# Data Setup

In this notebook, we demonstrate how to setup time series data for the examples inlcuded in this book. The data in this example is taken from the GEFCom2014 forecasting competition<sup>1</sup> (see reference below). It consists of 3 years of hourly electricity load and temperature values between 2012 and 2014. 
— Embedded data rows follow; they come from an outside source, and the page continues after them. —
(* Let $\pi\subset\mathrm{Iso}(\mathbb R^n)$ be a crystallographic group. Then $$\mathcal C_\pi=\mathrm O(n)\cdot \mathrm Z_{\mathsf{GL}(n)}(H_\pi)=\{OP: O\in\mathrm O(n),\ P\in\mathsf{GL}(n,\mathbb R),\ PA=AP\ \forall A\in H_\pi\}.$$
   Context: $\mathrm{Iso}(\mathbb R^n)=\mathrm O(n)\ltimes\mathbb R^n$ with elements $(A,v)$ acting by $x\mapsto Ax+v$; a crystallographic group is a discrete subgroup with compact quotient; $H_\pi=\{A:\exists v,\ (A,v)\in\pi\}\subset\mathrm O(n)$ is its holonomy group. $\mathcal C_\pi=\{A\in\mathsf{GL}(n,\mathbb R):AH_\pi A^{-1}\subset\mathrm O(n)\}$, and $\mathrm Z_{\mathsf{GL}(n)}(H_\pi)$ is the centralizer of $H_\pi$ in $\mathsf{GL}(n,\mathbb R)$. *)

From Stdlib Require Import Reals Lra ClassicalEpsilon FunctionalExtensionality.
From HB Require Import structures.
From mathcomp Require Import all_boot all_order all_algebra.
Set Implicit Arguments. Unset Strict Implicit. Unset Printing Implicit Defensive.
Import Order.TTheory GRing.Theory Num.Theory.

Definition Reqb (x y : R) : bool := if Req_EM_T x y then true else false.
Lemma Reqb_axiom : Equality.axiom Reqb.
Proof. by move=> x y; rewrite /Reqb; case: Req_EM_T => h; constructor. Qed.
HB.instance Definition _ := hasDecEq.Build R Reqb_axiom.

Definition Rfind (P : pred R) (n : nat) : option R :=
  match excluded_middle_informative (exists x, P x) with
  | left h => Some (proj1_sig (constructive_indefinite_description _ h))
  | right _ => None
  end.
Lemma Rfind_correct P n x : Rfind P n = Some x -> P x.
Proof.
rewrite /Rfind; case: excluded_middle_informative => // h [<-].
exact: proj2_sig (constructive_indefinite_description _ h).
Qed.
Lemma Rfind_complete (P : pred R) : (exists x, P x) -> exists n, Rfind P n.
Proof. by move=> h; exists 0%N; rewrite /Rfind; case: excluded_middle_informative. Qed.
Lemma Rfind_ext (P Q : pred R) : P =1 Q -> Rfind P =1 Rfind Q.
Proof.
move=> h; have -> : P = Q by apply: functional_extensionality.
by [].
Qed.
HB.instance Definition _ := hasChoice.Build R Rfind_correct Rfind_complete Rfind_ext.

Lemma R_addrA : forall x y z : R, Rplus x (Rplus y z) = Rplus (Rplus x y) z. Proof. by move=> *; rewrite Rplus_assoc. Qed.
Lemma R_addrC : forall x y : R, Rplus x y = Rplus y x. Proof. exact: Rplus_comm. Qed.
Lemma R_add0r : forall x : R, Rplus R0 x = x. Proof. exact: Rplus_0_l. Qed.
Lemma R_addNr : forall x : R, Rplus (Ropp x) x = R0. Proof. exact: Rplus_opp_l. Qed.
HB.instance Definition _ :=
  GRing.isZmodule.Build R R_addrA R_addrC R_add0r R_addNr.

Lemma R_mulrA : forall x y z : R, Rmult x (Rmult y z) = Rmult (Rmult x y) z. Proof. by move=> *; rewrite Rmult_assoc. Qed.
Lemma R_mulrC : forall x y : R, Rmult x y = Rmult y x. Proof. exact: Rmult_comm. Qed.
Lemma R_mul1r : forall x : R, Rmult R1 x = x. Proof. exact: Rmult_1_l. Qed.
Lemma R_mulrDl : forall x y z : R, Rmult (Rplus x y) z = Rplus (Rmult x z) (Rmult y z).
Proof. by move=> x y z; rewrite Rmult_plus_distr_r. Qed.
Lemma R_oner_neq0 : R1 != R0.
Proof. by apply/eqP; exact: R1_neq_R0. Qed.
HB.instance Definition _ := GRing.Zmodule_isComNzRing.Build R
  R_mulrA R_mulrC R_mul1r R_mulrDl R_oner_neq0.

Local Open Scope ring_scope.
Definition Rinvx (x : R) : R := if Reqb x R0 then R0 else Rinv x.
Lemma R_mulVf (x : R) : x != 0 -> (Rinvx x * x = 1)%R.
Proof.
rewrite /Rinvx; case: Reqb_axiom => [-> | h _]; first by rewrite eqxx.
exact: Rinv_l.
Qed.
Lemma R_invr0 : Rinvx 0 = 0.
Proof. by rewrite /Rinvx; case: Reqb_axiom. Qed.
HB.instance Definition _ := GRing.ComNzRing_isField.Build R R_mulVf R_invr0.

Definition Rleb (x y : R) : bool := if Rle_dec x y then true else false.
Definition Rltb (x y : R) : bool := if Rlt_dec x y then true else false.
Lemma RlebP x y : reflect (Rle x y) (Rleb x y).
Proof. by rewrite /Rleb; case: Rle_dec => h; constructor. Qed.
Lemma RltbP x y : reflect (Rlt x y) (Rltb x y).
Proof. by rewrite /Rltb; case: Rlt_dec => h; constructor. Qed.

Lemma R_le0_add (x y : R) : Rleb 0 x -> Rleb 0 y -> Rleb 0 (x + y).
Proof. move=> /RlebP h1 /RlebP h2; apply/RlebP; rewrite /GRing.add /=; lra. Qed.
Lemma R_le0_mul (x y : R) : Rleb 0 x -> Rleb 0 y -> Rleb 0 (x * y).
Proof. move=> /RlebP h1 /RlebP h2; apply/RlebP; exact: Rmult_le_pos. Qed.
Lemma R_le0_anti (x : R) : Rleb 0 x -> Rleb x 0 -> x = 0.
Proof. move=> /RlebP h1 /RlebP h2; rewrite /GRing.zero /=; lra. Qed.
Lemma R_sub_ge0 (x y : R) : Rleb 0 (y - x) = Rleb x y.
Proof.
apply/RlebP/RlebP; rewrite /GRing.add /GRing.opp /=; lra.
Qed.
Lemma R_le0_total (x : R) : Rleb 0 x || Rleb x 0.
Proof. by case: (Rle_dec 0 x) => h; apply/orP; [left|right]; apply/RlebP; lra. Qed.
Lemma R_normN (x : R) : Rabs (- x) = Rabs x.
Proof. exact: Rabs_Ropp. Qed.
Lemma R_ge0_norm (x : R) : Rleb 0 x -> Rabs x = x.
Proof. by move=> /RlebP h; rewrite Rabs_right //; lra. Qed.
Lemma R_lt_def (x y : R) : Rltb x y = (y != x) && Rleb x y.
Proof.
apply/RltbP/andP.
  by move=> h; split; [apply/eqP; lra | apply/RlebP; lra].
by case=> /eqP h1 /RlebP h2; lra.
Qed.
HB.instance Definition _ := Num.IntegralDomain_isLeReal.Build R
  R_le0_add R_le0_mul R_le0_anti R_sub_ge0 R_le0_total R_normN R_ge0_norm R_lt_def.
<sup>1</sup>Tao Hong, Pierre Pinson, Shu Fan, Hamidreza Zareipour, Alberto Troccoli and Rob J. Hyndman, "Probabilistic energy forecasting: Global Energy Forecasting Competition 2014 and beyond", International Journal of Forecasting, vol.32, no.3, pp 896-913, July-September, 2016.

In [None]:
import os
import shutil
import matplotlib.pyplot as plt
from common.utils import load_data, extract_data, download_file
%matplotlib inline

In [None]:
data_dir = './data'

if not os.path.exists(data_dir):
    os.mkdir(data_dir)

if not os.path.exists(os.path.join(data_dir, 'energy.csv')):
    download_file("https://mlftsfwp.blob.core.windows.net/mlftsfwp/GEFCom2014.zip")
    shutil.move("GEFCom2014.zip", os.path.join(data_dir,"GEFCom2014.zip"))
    extract_data(data_dir)

In [None]:
ts_data_load = load_data(data_dir)[['load']]
ts_data_load.head()

In [None]:
ts_data_load.plot(y='load', subplots=True, figsize=(15, 8), fontsize=12)
plt.xlabel('timestamp', fontsize=12)
plt.ylabel('load', fontsize=12)
plt.show()

In [None]:
ts_data_load['2014-07-01':'2014-07-07'].plot(y='load', subplots=True, figsize=(15, 8), fontsize=12)
plt.xlabel('timestamp', fontsize=12)
plt.ylabel('load', fontsize=12)
plt.show()